TONY: One aspect of the business that has also changed is celebrity. Now, everything that you do is recorded and talked about in the media. How do you feel about that aspect of the business?

Zane Buzby: I think it's terrible, because it's made our culture a trash culture. And that permeates everything. It permeates the way little girls and little boys, who are growing up, view what they're supposed to be when they grow up. It sets a very bad example, and it also doesn't let people who just happen to be actors have a life. And then they have these incredible breakdowns in public. No one has any privacy anymore, and I think it's a terrible thing, I really do. There's no respect for anyone anymore, and there's no privacy. Everyone's got a camera in their cell phone, and you can't even have a meal in a restaurant without someone taking a picture of you with food falling out of your mouth.

TONY: Finally, if a young actress is reading our interview, what's the best advice you can give them?

Zane Buzby: The best advice I can give them is to do your homework, work hard, and follow your dream. A lot of people, and this is crucial for anyone in show business to know, think that they will get discovered or get an agent, and they will make them a star. And this couldn't be farther from the truth. Everything and everyone in Hollywood or any of the arts is self-generated. You have to make your own breaks. You have to do it yourself. Even if you get an agent, you have to dictate to your agent how you want your career to run, and you have to be in the driver's seat of your own career. No one is gonna do anything for you, and if they do, it will probably be done wrong. If you want this, you have to go out and get it. Every single month or at the end of the year, Hollywood is flooded with the best graduates of every high school, drama club, and college, and they all come out here to make it, and you have to be better than them and more hard-working than them to get ahead.

When I wanted to direct, the first thing I did was look at television and go, "The best comedy director out there is James Burrows." I wrote a letter and I said, "I want to learn from the best. Can I come observe you?" And he said, "Yes." I observed, it was Cheers, and we didn't know it was gonna be a big hit then. After I observed Cheers for x amount of episodes, I said, "Now what?" He said, "Now, tell everyone in the world you want to be a director and see what happens." Which is what I did.
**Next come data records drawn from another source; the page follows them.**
(* The table [gram_schmidt n] holds [q_0, …, q_n] (at indices [k <= n]); it is rebuilt
   level by level so that the recursion is structural. *)
Fixpoint gram_schmidt (n : nat) : nat -> C -> H :=
  match n with
  | O => fun _ z => dn f 0 z
  | S m => fun k z => if Nat.leb k m then gram_schmidt m k z
      else minus (dn f (S m) z)
             (lsum (fun j => scal (proj_coef (gram_schmidt m) (S m) j z) (gram_schmidt m j z))
                (S m))
  end.

Definition gs n z := gram_schmidt n n z.
Definition gs_coef n j z := proj_coef gs n j z.
Definition gs_sqnorm n z := norm (gs n z) ^ 2.

Lemma gram_schmidt_stable m k z : (k <= m)%nat -> gram_schmidt m k z = gs k z.
Proof.
  revert k. induction m; intros k hk.
  - replace k with 0%nat by lia. reflexivity.
  - destruct (Nat.eq_dec k (S m)) as [->|hne]; [reflexivity|].
    simpl. replace (Nat.leb k m) with true by (symmetry; apply Nat.leb_le; lia). apply IHm; lia.
Qed.

Lemma gs_rec n z : gs n z = minus (dn f n z) (lsum (fun j => scal (gs_coef n j z) (gs j z)) n).
Proof.
  destruct n; [unfold gs; simpl; vext|].
  unfold gs at 1. cbn [gram_schmidt].
  replace (Nat.leb (S n) n) with false by (symmetry; apply Nat.leb_gt; lia).
  f_equal. apply lsum_ext. intros j hj.
  unfold gs_coef, proj_coef. rewrite !gram_schmidt_stable by lia. reflexivity.
Qed.

Lemma dn_sub_gs_in_span_gs n z : in_span (fun k => gs k z) n (minus (dn f n z) (gs n z)).
Proof.
  replace (minus (dn f n z) (gs n z)) with (lsum (fun j => scal (gs_coef n j z) (gs j z)) n)
    by (rewrite (gs_rec n z); vext).
  apply (in_span_lsum ip Hip). intros j hj.
  apply (in_span_scal ip Hip), (in_span_elem ip Hip (fun k => gs k z)), hj.
Qed.
(* Let $I_1>0$, $\delta\in\mathbb{R}$ and let $V:\mathbb{R}\to\mathbb{R}$ be smooth (in the paper $V(s)=c_1s+c_2s^2$). On $\mathbb{R}^4\times\mathbb{R}^3\ni(\bm{x},\bm{l})$ with the Poisson structure $B_+$ (defined in the context), consider \[ H=\frac{1}{2I_1}\big(l_x^2+l_y^2+l_z^2+\delta L_3^2\big)+V(x_0^2+x_3^2-x_1^2-x_2^2), \] \[ L_3=2l_x(-x_0x_2+x_1x_3)+2l_y(x_0x_1+x_2x_3)+l_z(x_0^2+x_3^2-x_1^2-x_2^2), \] and $l_z$. Then: (i) the functions $H$, $l_z$, $L_3$ pairwise Poisson commute with respect to $B_+$; (ii) the Hamiltonian vector field of $H$ satisfies \[ X_H=\frac{1}{2I_1}X_{\bm{l}^2}+\frac{\delta L_3}{I_1}X_{L_3}-\frac12\big(0,0,0,0,\ \bm{x}_+\nabla_{\bm{x}}V\big)^t, \] where $\bm{l}^2=l_x^2+l_y^2+l_z^2$ and $\nabla_{\bm{x}}V$ denotes the gradient with respect to $\bm{x}$ of $\bm{x}\mapsto V(x_0^2+x_3^2-x_1^2-x_2^2)$; (iii) the flows of $X_{l_z}$ and $X_{L_3}$ are periodic and commute, so they generate a (singular) $T^2$-action; (iv) restricted to $M=\{(\bm{x},\bm{l}):|\bm{x}|=1\}$, the vector fields $X_H$, $X_{L_3}$, $X_{l_z}$ are linearly independent on an open dense subset of $M$.
   Context: For $\bm{x}=(x_0,x_1,x_2,x_3)\in\mathbb{R}^4$ define the $3\times4$ matrices \[ \bm{x}_\pm=\begin{pmatrix} x_1 & -x_0 & \mp x_3 & \pm x_2\\ x_2 & \pm x_3 & -x_0 & \mp x_1\\ x_3 & \mp x_2 & \pm x_1 & -x_0\end{pmatrix}. \] For $\bm{v}\in\mathbb{R}^3$ let $\hat{\bm{v}}$ be the $3\times 3$ skew matrix with $\hat{\bm{v}}\bm{u}=\bm{v}\times\bm{u}$. The Poisson structure $B_+$ on $\mathbb{R}^4\times\mathbb{R}^3$ is given by the $7\times7$ matrix \[ B_+=\begin{pmatrix}0 & \tfrac12\bm{x}_+^t\\ -\tfrac12\bm{x}_+ & -\hat{\bm{l}}\end{pmatrix}, \] i.e. $\{F,G\}=\nabla F^t B_+\nabla G$, and the Hamiltonian vector field of $F$ is $X_F=B_+\nabla F$, so that $\dot{\bm{x}}=\tfrac12\bm{x}_+^t\nabla_{\bm{l}}F$, $\dot{\bm{l}}=-\tfrac12\bm{x}_+\nabla_{\bm{x}}F-\bm{l}\times\nabla_{\bm{l}}F$. The function $|\bm{x}|^2$ is a Casimir. On $|\bm{x}|=1$, $R=\bm{x}_+\bm{x}_-^t\in SO(3)$ and $L_3=\bm{l}\cdot R\bm{e}_3$ with $\bm{e}_3=(0,0,1)^t$. *)

From HB Require Import structures.
From mathcomp Require Import all_boot all_order all_algebra.
From mathcomp Require Import all_classical all_reals all_analysis.
Set Implicit Arguments. Unset Strict Implicit. Unset Printing Implicit Defensive.
Import Order.TTheory GRing.Theory Num.Theory.
Import numFieldNormedType.Exports.
Local Open Scope classical_set_scope.
Local Open Scope ring_scope.

Section Defs.
Variable R : realType.

(* A point (x, l) of R^4 x R^3 is a row vector p : 'rV[R]_7 with
   p = (x0, x1, x2, x3, lx, ly, lz). *)
Notation pt := 'rV[R]_7.

Definition x0 (p : pt) : R := p ord0 (@Ordinal 7 0 isT).
Definition x1 (p : pt) : R := p ord0 (@Ordinal 7 1 isT).
Definition x2 (p : pt) : R := p ord0 (@Ordinal 7 2 isT).
Definition x3 (p : pt) : R := p ord0 (@Ordinal 7 3 isT).
Definition lx (p : pt) : R := p ord0 (@Ordinal 7 4 isT).
Definition ly (p : pt) : R := p ord0 (@Ordinal 7 5 isT).
Definition lz (p : pt) : R := p ord0 (@Ordinal 7 6 isT).

Definition xplus (p : pt) : 'M[R]_(3,4) :=
  \matrix_(i < 3, j < 4)
    (nth [::] [:: [:: x1 p; - x0 p; - x3 p; x2 p];
                  [:: x2 p; x3 p; - x0 p; - x1 p];
                  [:: x3 p; - x2 p; x1 p; - x0 p]] i)`_j.

(* skew matrix hat v, with (hat v) u = v x u *)
Definition hat (a b c : R) : 'M[R]_3 :=
  \matrix_(i < 3, j < 3)
    (nth [::] [:: [:: 0; - c; b];
                  [:: c; 0; - a];
                  [:: - b; a; 0]] i)`_j.

Definition Bplus (p : pt) : 'M[R]_7 :=
  block_mx (0 : 'M[R]_(4, 4)) ((2:R)^-1 *: (xplus p)^T)
           (- ((2:R)^-1 *: xplus p)) (- hat (lx p) (ly p) (lz p)).

Definition grad (F : pt -> R) (p : pt) : pt :=
  \row_(i < 7) 'D_(delta_mx ord0 i) F p.

Definition pbracket (F G : pt -> R) (p : pt) : R :=
  (grad F p *m Bplus p *m (grad G p)^T) ord0 ord0.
Then someone told me that they hire directors from soap operas, and I thought, "Soap operas? I've never even watched a soap opera." They said, "Well, there's one shooting in L.A., and you should see what it is." So I went over there, and I sat there every day, and I watched in the booth. I was there at six in the morning, and I was the last one to leave at night. And finally the producer turned around and said to me, "You know, we've had hundreds of people come and observe, and they come for a day, get bored, and they leave and they don't stay. You're the only one we've ever had who came before everyone else came and left after everybody else left, and you've been here consistently. Would you like to do a show?" That was my first one. So that's what it takes. You cannot skate by. You have to work, and there's no free ride.